I don't see why a resistor would have to be changed using a 2:1 lundhall vs 2:1 carnhill.
Could it be that your diode bridge is not to spec and adding attenuation when it should not?
 
Did someone in the meantime come up with a real solution for the LF distortion problem some people seem to have?

Since you've been posting about this since 2009 I'll assume you're familiar with all the tests and hypothesis that have been posted throughout this thread over the years.
My $.02 is that the circuit is fine but that there is variation from unit to unit (DIY and original NEVE versions).
I suspect Neve was building these with T/C components in the original builds that not all DIYers know to do properly (test and check). Or values have drifted over the years in the vintage units to explain differences (capacitors tend to drift up in value).
In this thread, the following have been proposed, which I think do explain the differences.
-  An in-balanced diode bridge will increase distortion (or other imbalancing flaws in the compression section between T1&T2)
-  slower sidechain response will reduce the distortion (promixe measured an original and found it slower than the DIY version), so to-spec capacitors in the sidechain may make the compressor fast enough to distort more than you like. So if you want to slow it down, increase the 10uf cap or tweak other resistors.

It's important to realize that compression is inherently distortion! You cannot compress a signal without distorting it. This is a simple observation but I think it is somehow being missed in this quest to reduce the distortion of the unit while under heavy signal compression.
 
dmp said:
It's important to realize that compression is inherently distortion!

True! But other compressors produce significant lower distortion, even at low frequencies and fast release times.
As you mentioned, I have been struggling with this LF distortion problem for years.
(I couldn't get this problem out of my head, so that is why I started experimenting again recently!)
I have already increased the release times, but still I don't completely trust this compressor.
The diode attenuator does not produce the distortion by itself. If I use a constant voltage as a control voltage, the distortion is very low.
So my conclusion is that the distortion is caused by a 'ripple' on the control voltage.
Of course more 'smoothing' (longer R-C time=longer release) will reduce the 'ripple' on the control voltage and thus reduce the LF distortion.
But I had hoped that someone would have had a brilliant idea!

I have the impression that member Promixe even gave up this project, because it seemed impossible to solve the LF distortion problem.
 
But other compressors produce significant lower distortion, even at low frequencies and fast release times.
Not all compressors are the same.  Some may have design features that would work better for LF applications.

The diode attenuator does not produce the distortion by itself.
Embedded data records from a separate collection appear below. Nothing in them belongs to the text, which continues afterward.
(* Let $X,Y$ be compact metric spaces with metrics $d,d'$, and let $f\colon X\to X$, $g\colon Y\to Y$ be continuous maps. Let $C\in\mathcal{C}(f)$, $D\in\mathcal{D}(C)$, $C'\in\mathcal{C}(g)$, and let $h\colon C\to C'$ be a homeomorphism with $h\circ f|_C=g|_{C'}\circ h$ (then $h(D)\in\mathcal{D}(C')$). Let $\mathcal{F},\mathcal{G}$ be full Furstenberg families, $n\ge2$ and $\delta>0$. If $g$ has the limit shadowing property and there is an $(\mathcal{F},\mathcal{G})$-$\delta$-scrambled $n$-tuple $(a_1,\dots,a_n)\in[V^s(D)]^n$ for $f$, then there are $\delta'>0$ and an $(\mathcal{F},\mathcal{G})$-$\delta'$-scrambled $n$-tuple $(b_1,\dots,b_n)\in[V^s(h(D))]^n$ for $g$.
   Context: The following is defined for any continuous self-map $f$ of a compact metric space $(X,d)$ (and analogously for $g$ on $(Y,d')$). A $\delta$-chain of $f$ ($\delta>0$) is a finite sequence $(x_i)_{i=0}^k$, $k\ge1$, with $d(f(x_i),x_{i+1})\le\delta$ for $0\le i\le k-1$; it is a $\delta$-cycle if $x_0=x_k$, with length $k$. Write $x\to y$ if for every $\delta>0$ there is a $\delta$-chain from $x$ to $y$. Let $CR(f)=\{x\colon x\to x\}$; on $CR(f)$ let $x\leftrightarrow y$ iff $x\to y$ and $y\to x$; its classes are the chain components, forming $\mathcal{C}(f)$. For $C\in\mathcal{C}(f)$, $\delta>0$, let $m=m(C,\delta)$ be the gcd of the lengths of all $\delta$-cycles of $f|_C$, and for $x,y\in C$ let $x\sim_{C,\delta}y$ iff there is a $\delta$-chain of $f|_C$ from $x$ to $y$ of length divisible by $m$; $\mathcal{D}(C,\delta)$ is the set of its equivalence classes. Let $x\sim_C y$ iff $x\sim_{C,\delta}y$ for all $\delta>0$; $\mathcal{D}(C)$ is its set of classes. For $D\in\mathcal{D}(C)$, $D_\delta$ is the element of $\mathcal{D}(C,\delta)$ containing $D$. $W^s(C)=\{x\colon\lim_i d(f^i(x),C)=0\}$ and $V^s(D)=\bigcap_{\delta>0}\{x\in W^s(C)\colon\lim_i d(f^i(x),f^i(D_\delta))=0\}$. $g$ has the limit shadowing property if for every sequence $(y_i)_{i\ge0}$ in $Y$ with $\lim_i d'(g(y_i),y_{i+1})=0$ there is $y\in Y$ with $\lim_i d'(g^i(y),y_i)=0$. A Furstenberg family is a nonempty proper family $\mathcal{F}\subsetneq 2^{\mathbb{N}_0}$ closed under taking supersets; it is full if $\{i\in A\colon i\ge n\}\in\mathcal{F}$ for all $A\in\mathcal{F}$, $n\ge0$. For $x_1,\dots,x_n\in X$, $r>0$: $S_f(x_1,\dots,x_n;r)=\{i\in\mathbb{N}_0\colon\min_{j<k}d(f^i(x_j),f^i(x_k))>r\}$ and $T_f(x_1,\dots,x_n;r)=\{i\in\mathbb{N}_0\colon\max_{j<k}d(f^i(x_j),f^i(x_k))<r\}$. $(x_1,\dots,x_n)$ is $(\mathcal{F},\mathcal{G})$-$\delta$-scrambled for $f$ if $S_f(x_1,\dots,x_n;\delta)\in\mathcal{F}$ and $T_f(x_1,\dots,x_n;\epsilon)\in\mathcal{G}$ for all $\epsilon>0$ (analogously for $g$ with $d'$). *)

From Stdlib Require Import Reals Lra Lia List.
Open Scope R_scope.

Section Defs.
Context {X : Type} (d : X -> X -> R).

Definition is_metric : Prop :=
  (forall x y, 0 <= d x y) /\ (forall x y, d x y = 0 <-> x = y) /\
  (forall x y, d x y = d y x) /\ (forall x y z, d x z <= d x y + d y z).

Definition open_set (U : X -> Prop) : Prop :=
  forall x, U x -> exists r, 0 < r /\ forall y, d x y < r -> U y.

Definition compact_space : Prop :=
  forall (I : Type) (U : I -> X -> Prop),
    (forall i, open_set (U i)) -> (forall x, exists i, U i x) ->
    exists l : list I, forall x, exists i, In i l /\ U i x.

Definition continuous_map (f : X -> X) : Prop :=
  forall x eps, 0 < eps -> exists del, 0 < del /\
    forall y, d x y < del -> d (f x) (f y) < eps.

Definition chain_in (f : X -> X) (C : X -> Prop) (del : R) (x y : X) (k : nat) : Prop :=
  (1 <= k)%nat /\ exists s : nat -> X, s O = x /\ s k = y /\
    (forall i, (i <= k)%nat -> C (s i)) /\
    (forall i, (i < k)%nat -> d (f (s i)) (s (S i)) <= del).

Definition chains_to (f : X -> X) (x y : X) : Prop :=
  forall del, 0 < del -> exists k, chain_in f (fun _ => True) del x y k.

Definition CR (f : X -> X) (x : X) : Prop := chains_to f x x.

Definition chain_component (f : X -> X) (C : X -> Prop) : Prop :=
  exists x, CR f x /\
    forall y, C y <-> (CR f y /\ chains_to f x y /\ chains_to f y x).

Definition cycle_gcd (f : X -> X) (C : X -> Prop) (del : R) (m : nat) : Prop :=
  (forall x k, chain_in f C del x x k -> Nat.divide m k) /\
  (forall m', (forall x k, chain_in f C del x x k -> Nat.divide m' k) -> Nat.divide m' m).

Definition sim_Cdel (f : X -> X) (C : X -> Prop) (del : R) (x y : X) : Prop :=
  C x /\ C y /\ exists m, cycle_gcd f C del m /\
    exists k, chain_in f C del x y k /\ Nat.divide m k.

Definition sim_C (f : X -> X) (C : X -> Prop) (x y : X) : Prop :=
  forall del, 0 < del -> sim_Cdel f C del x y.

Definition D_class (f : X -> X) (C D : X -> Prop) : Prop :=
  exists x, C x /\ forall y, D y <-> (C y /\ sim_C f C x y).

(* D_delta : the element of D(C, delta) containing D *)
Definition D_delta (f : X -> X) (C D : X -> Prop) (del : R) (y : X) : Prop :=
  C y /\ exists x, D x /\ sim_Cdel f C del x y.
If I use a constant voltage as a control voltage, the distortion is very low.
So my conclusion is that the distortion is caused by a 'ripple' on the control voltage.

You've posted this before and I think it pretty much explains the issue. Also, note that a member looked at an original and saw the same ripple on the cv, just that it was not as much (and the times were slower, which goes hand in hand).  Getting a sidechain to respond fast without having a ripple on the CV is a design challenge.
I was pointing out that version to version build differences by DIYers may be increased because some may not have a balanced diode bridge.  If the bridge is not well balanced, distortion would be increased.
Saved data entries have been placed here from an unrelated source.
Lemma claim_bound_offer M B :
  claim_bound M B -> ~~ (X \subset M :|: B) ->
  exists O : {set T}, [/\ O \subset X :\: (M :|: B), 0 < #|O| <= b.+1
              & forall x, x \in O -> claim_bound (x |: M) (B :|: O :\ x)].
Proof.
move=> inv /subsetPn[y y_X y_MB].
set R := X :\: (M :|: B).
have R_gt0 : 0 < #|R| by apply/card_gt0P; exists y; rewrite inE y_MB.
have [O sO card_O] := exists_subset_card (geq_minr b.+1 #|R|).
exists O; split=> //; first by rewrite card_O; lia.
move=> x x_O; have := subsetP sO x x_O; rewrite inE => /andP[x_MB x_X].
rewrite [B :|: _]setUC; apply: claim_bound_claim (claim_bound_open inv x_X x_MB) _ => //.
  apply/subsetP=> z; rewrite !inE => /andP[z_x /(subsetP sO)].
  by rewrite !inE (negbTE z_x).
have [le_bR | lt_Rb] := leqP b.+1 #|R|.
  by left; move: (cardsD1 x O); rewrite x_O card_O (minn_idPl le_bR) add1n => -[->].
have eq_OR : O = R.
  by apply/eqP; rewrite eqEcard sO card_O (minn_idPr (ltnW lt_Rb)) leqnn.
right; apply/subsetP=> z z_X; rewrite !inE eq_OR !inE z_X.
by case: (z == x); case: (z \in M); case: (z \in B).
Qed.

End ClaimBound.

Lemma cw_wwin_claim_block (U T : finType) (eH : rel U) (b : nat) (g : vgraph T)
    (X C W : {set T}) :
  X \subset g.1 ->
  (forall C W : {set T}, C :|: W = X -> claim_bound b X C W -> cw_wwin eH b g C W) ->
  C :|: W \subset X -> claim_bound b X C W -> cw_wwin eH b g C W.
Proof.
move=> sX win_full; have [n] := ubnP #|X :\: (C :|: W)|.
elim: n C W => // n IHn C W lt_n sCW inv.
have [cover | open] := boolP (X \subset C :|: W).
  by apply: win_full inv; apply/eqP; rewrite eqEsubset sCW.
have [O [sO cardO inv']] := claim_bound_offer inv open.
apply: (cw_move (O := O)) cardO _; first exact: subset_trans sO (setSD _ sX).
move=> x x_O; have := subsetP sO x x_O; rewrite inE => /andP[x_CW x_X].
have sOX : O \subset X := subset_trans sO (subsetDl _ _).
have shrink : #|X :\: (x |: C :|: (W :|: O :\ x))| < #|X :\: (C :|: W)|.
  apply/proper_card/properP; split.
    by apply/setDS/setUSS; [exact: subsetUr | exact: subsetUl].
  by exists x; rewrite !inE ?eqxx // x_X andbT; rewrite inE in x_CW.
apply: IHn (inv' x x_O); first exact: leq_trans shrink lt_n.
move: sCW; rewrite !subUset sub1set x_X => /andP[-> ->] /=.
exact: subset_trans (subsetDl _ _) sOX.
Qed.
In the past few years I've built many different compressors (1176, LA3A, Varimu, SSL, Pico, LevelLoc, api525, LA2A)
They all have different personalities when compressing heavily (distorting). 
I lent my 33609 to a studio that had an original and they used them side by side for about a month. They loved it and said they couldn't tell the difference between them.  Now that it is rhetorical and my build may not pass the tests you've been doing or sound good on the material you are putting through it, but I am trying to explain why I don't think there's any problem with this diy 33609 when built properly.

 
For what it is worth, I measured the attenuation vs. control voltage today on a real 33609 compressor:

-1 dB : +1,60 V.
-2 dB: +2.09 V.
-3 dB: +2.34 V.
-4 dB: +2.66 V.
-5 dB: +2.93 V.
-8 dB: +3.50 V.
-10 dB: + 3.87 V.
-12 dB: + 4.17 V.
-15 dB: + 4.65 V.
-20 dB: +5.44 V.

Also I measured the peak-to-peak ripple on the control voltage.
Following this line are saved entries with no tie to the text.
Definition partial (d : nat) (i : 'I_d) (f : 'cV[R]_d -> R) (y : 'cV[R]_d) : R :=
  'D_(evec i) f y.

Definition grad (d : nat) (f : 'cV[R]_d -> R) (y : 'cV[R]_d) : 'cV[R]_d :=
  \col_i partial i f y.

Definition C2 (d : nat) (f : 'cV[R]_d -> R) : Prop :=
  continuous f /\
  (forall i y, derivable f y (evec i)) /\
  (forall i, continuous (partial i f)) /\
  (forall i j y, derivable (partial i f) y (evec j)) /\
  (forall i j, continuous (partial j (partial i f))).

Definition qform (d : nat) (M : 'M[R]_d) (v : 'cV[R]_d) : R := (v^T *m M *m v) 0 0.

Definition Uen (d : nat) (A : 'M[R]_d) (V : 'cV[R]_d -> R) (y : 'cV[R]_d) : R :=
  2^-1 * qform A y + V y.

(* generic element  sum_i phi_i(tau h) W_i  of Y_h *)
Definition Yfun (d r : nat) (phi : 'I_r -> R -> R) (h : R)
  (Ws : 'I_r -> 'cV[R]_d) (tau : R) : 'cV[R]_d :=
  \sum_(i < r) phi i (tau * h) *: Ws i.

(* generic element  W + sum_i (int_0^{tau h} phi_i) W_i  of X_h *)
Definition Xfun (d r : nat) (phi : 'I_r -> R -> R) (h : R)
  (W : 'cV[R]_d) (Ws : 'I_r -> 'cV[R]_d) (tau : R) : 'cV[R]_d :=
  W + \sum_(i < r) oint 0 (tau * h) (phi i) *: Ws i.

(* u~'(tau) := u'(tau h) = (1/h) d/dtau u~(tau) *)
Definition uprime (d : nat) (h : R) (u : R -> 'cV[R]_d) (tau : R) : 'cV[R]_d :=
  h^-1 *: derive1 u tau.

(* p = P_h w : p in Y_h and  int_0^1 v . p = int_0^1 v . w  (entrywise)
   for all v in Y_h *)
Definition is_Ph (d r : nat) (phi : 'I_r -> R -> R) (h : R)
  (w p : R -> 'cV[R]_d) : Prop :=
  (exists Ws, forall tau, p tau = Yfun phi h Ws tau) /\
  (forall (Vs : 'I_r -> 'cV[R]_d) (k : 'I_d),
     \int[lebesgue_measure]_(tau in `[0, 1]) (Yfun phi h Vs tau k 0 * p tau k 0)
     = \int[lebesgue_measure]_(tau in `[0, 1]) (Yfun phi h Vs tau k 0 * w tau k 0)).

End Defs.

(* Along the EFFED solution u, write Y := u' (an element of Y_h) and let
   E(t) := U(u(t)).  Then E'(t) = h Y^T (A u + grad V(u)), and the method's
   equation A u = - P_h grad V(u) - G(u) Y turns this into
     E'(t) = h (Y^T (grad V(u) - P_h grad V(u)) - Y^T G(u) Y).
   Integrated over [0, 1], the first term vanishes because the projection
   residual is orthogonal to Y_h, so U(y1) - U(y0) = - h int_0^1 Y^T G(u) Y,
   which is nonpositive as G(u) dominates the positive definite Gam. *)
From HB Require Import structures.
From mathcomp Require Import all_boot all_order all_algebra.
From mathcomp Require Import all_classical all_reals all_analysis.
Set Implicit Arguments. Unset Strict Implicit. Unset Printing Implicit Defensive.
Import Order.TTheory GRing.Theory Num.Theory.
Import numFieldNormedType.Exports.
Local Open Scope classical_set_scope.
Local Open Scope ring_scope.

Lemma continuous_sum {K : numFieldType} {T : topologicalType} {W : normedModType K} n
    (f : 'I_n -> T -> W) :
  (forall i, continuous (f i)) -> continuous (fun t => \sum_(i < n) f i t).
Proof.
move=> cf x; rewrite -fct_sumE.
elim/big_ind: _ => [|g1 g2|i _]; [exact: cst_continuous | exact: continuousD | exact: cf].
Qed.

Lemma cvg_sum {K : numFieldType} {T : Type} (F : set_system T) {FF : Filter F} n
    (f : 'I_n -> T -> K) (l : 'I_n -> K) :
  (forall i, f i @ F --> l i) ->
  (fun t => \sum_(i < n) f i t) @ F --> \sum_(i < n) l i.
Proof.
move=> fl; rewrite -fct_sumE.
elim/big_ind2: _ => [|g1 l1 g2 l2|i _]; [exact: cvg_cst | exact: cvgD | exact: fl].
Qed.

Lemma continuous_entry {K : numFieldType} {T : topologicalType} m n
    (M : T -> 'M[K]_(m, n)) i j :
  continuous M -> continuous (fun t => M t i j).
Proof.
move=> cM t; apply: (@continuous_comp _ _ _ M (fun N => N i j)); first exact: cM.
exact: coord_continuous.
Qed.

Section matrix_calculus.
Context {R : realType}.

Lemma mx_norm_entry_le m n (M : 'M[R]_(m, n)) i j : `|M i j| <= `|M|.
Proof.
rewrite [leRHS]/Num.Def.normr/= mx_normrE.
exact: le_trans (le_bigmax _ _ (i, j)).
Qed.

Lemma mx_norm_le_entries m n (M : 'M[R]_(m, n)) (b : R) : 0 <= b ->
  (forall i j, `|M i j| <= b) -> `|M| <= b.
Proof.
move=> b0 Mb; rewrite [leLHS]/Num.Def.normr/= mx_normrE.
by apply: bigmax_le => // -[i j] _; exact: Mb.
Qed.

Lemma is_derive_mxP {V : normedModType R} m n (M : V -> 'M[R]_(m, n)) x v M' :
  is_derive x v M M' <-> forall i j, is_derive x v (fun t => M t i j) (M' i j).
Proof.
split=> [dM i j|dM].
  have dMx : derivable M x v := @ex_derive _ _ _ _ _ _ _ dM.
  apply: DeriveDef; first by move/derivable_mxP: dMx; apply.
  by have := derive_mx dMx; rewrite derive_val => /matrixP /(_ i j); rewrite mxE.
have dMx : derivable M x v.
  by apply/derivable_mxP => i j; exact: @ex_derive _ _ _ _ _ _ _ (dM i j).
apply: DeriveDef => //; rewrite derive_mx //; apply/matrixP => i j.
by rewrite mxE derive_val.
Qed.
Limiter, 50 mS, 40 Hz, 4 dB gain reduction: 0.32 V. p-p
Limiter, 100 mS, 40 Hz, 4 dB gain reduction: 0.20 V. p-p
Limiter, 200 mS, 40 Hz, 4 dB gain reduction: 0.11 V. p-p

Limiter, 50 mS, 100 Hz, 5 dB gain reduction: 0.18 V p-p
Limiter, 100 mS, 100 Hz, 5 dB gain reduction: 0.10 V p-p
Limiter, 200 mS, 100 Hz, 5 dB gain reduction: 0.05 V p-p

Limiter, 50 mS, 20 Hz, 5 dB gain reduction: 0.60 V p-p
 
Ilya said:
So how does that compare to the DIY version?

My DIY version measures exactly the same.
I have asked a friend of mine to compress 40 Hz on a real 33609 and to my surprise the Neve also produces an audible distortion when compressing 40 Hz with a release time of 100 mS. So this might be 'normal'.
In the meantime I have developed an alternative release network that gives the same release times, but with much lower distortion.
(Maybe I should sell my solution to Rupert! :D )

HERE is an example taken from an original Neve 33609 compressor, ratio 6:1, release 100 mS, gain reduction 6 dB, gain makeup 6 dB.
The first 10 seconds are 40 Hz without compression, followed with 40 Hz, 6 dB compressed with the settings mentioned above.

Here are some distortion figures, measured with a genuine Neve 33609, compressor section, 40 Hz, 8 dB gain reduction:
100 mS: 6% (!)
400 mS: 1,6%
800 mS: 0,94%
1500 mS: 0,79%
A1: 1,88%
A2: 1,34%

But with my alternative release circuit:
100 mS: 0,60 %
400 mS: 0,26%
800 mS and longer: 0,25%
 
RuudNL said:
But with my alternative release circuit:
100 mS: 0,60 %
400 mS: 0,26%
800 mS and longer: 0,25%

Ruud, I've been following your posts for years, and appreciate you looking into this issue, thanks.  Please share your alternative circuit, it will benefit the 33609 builder community.  Or sell PCBs, or whatever.  :)
 
At the moment I am in contact with the manufacturer of the 33609.
Maybe they are interested to implement this modification in the current production, so I can't give all the details at this stage.
I can give a hint however: you don't want the release to set in during the positive or negative halves of the waveform.
You should have a short delay (1/f)/2 before the release sets in.
So for 20 Hz the delay should be 1/20 = 50 mS/2 = 25 mS, because both halves of the waveform can trigger the compression or limiting. By not 'cutting' into the waveform, the (LF) distortion  gets significantly lower.
As soon as I can give more information I will publish it here!
 
RuudNL said:
At the moment I am in contact with the manufacturer of the 33609....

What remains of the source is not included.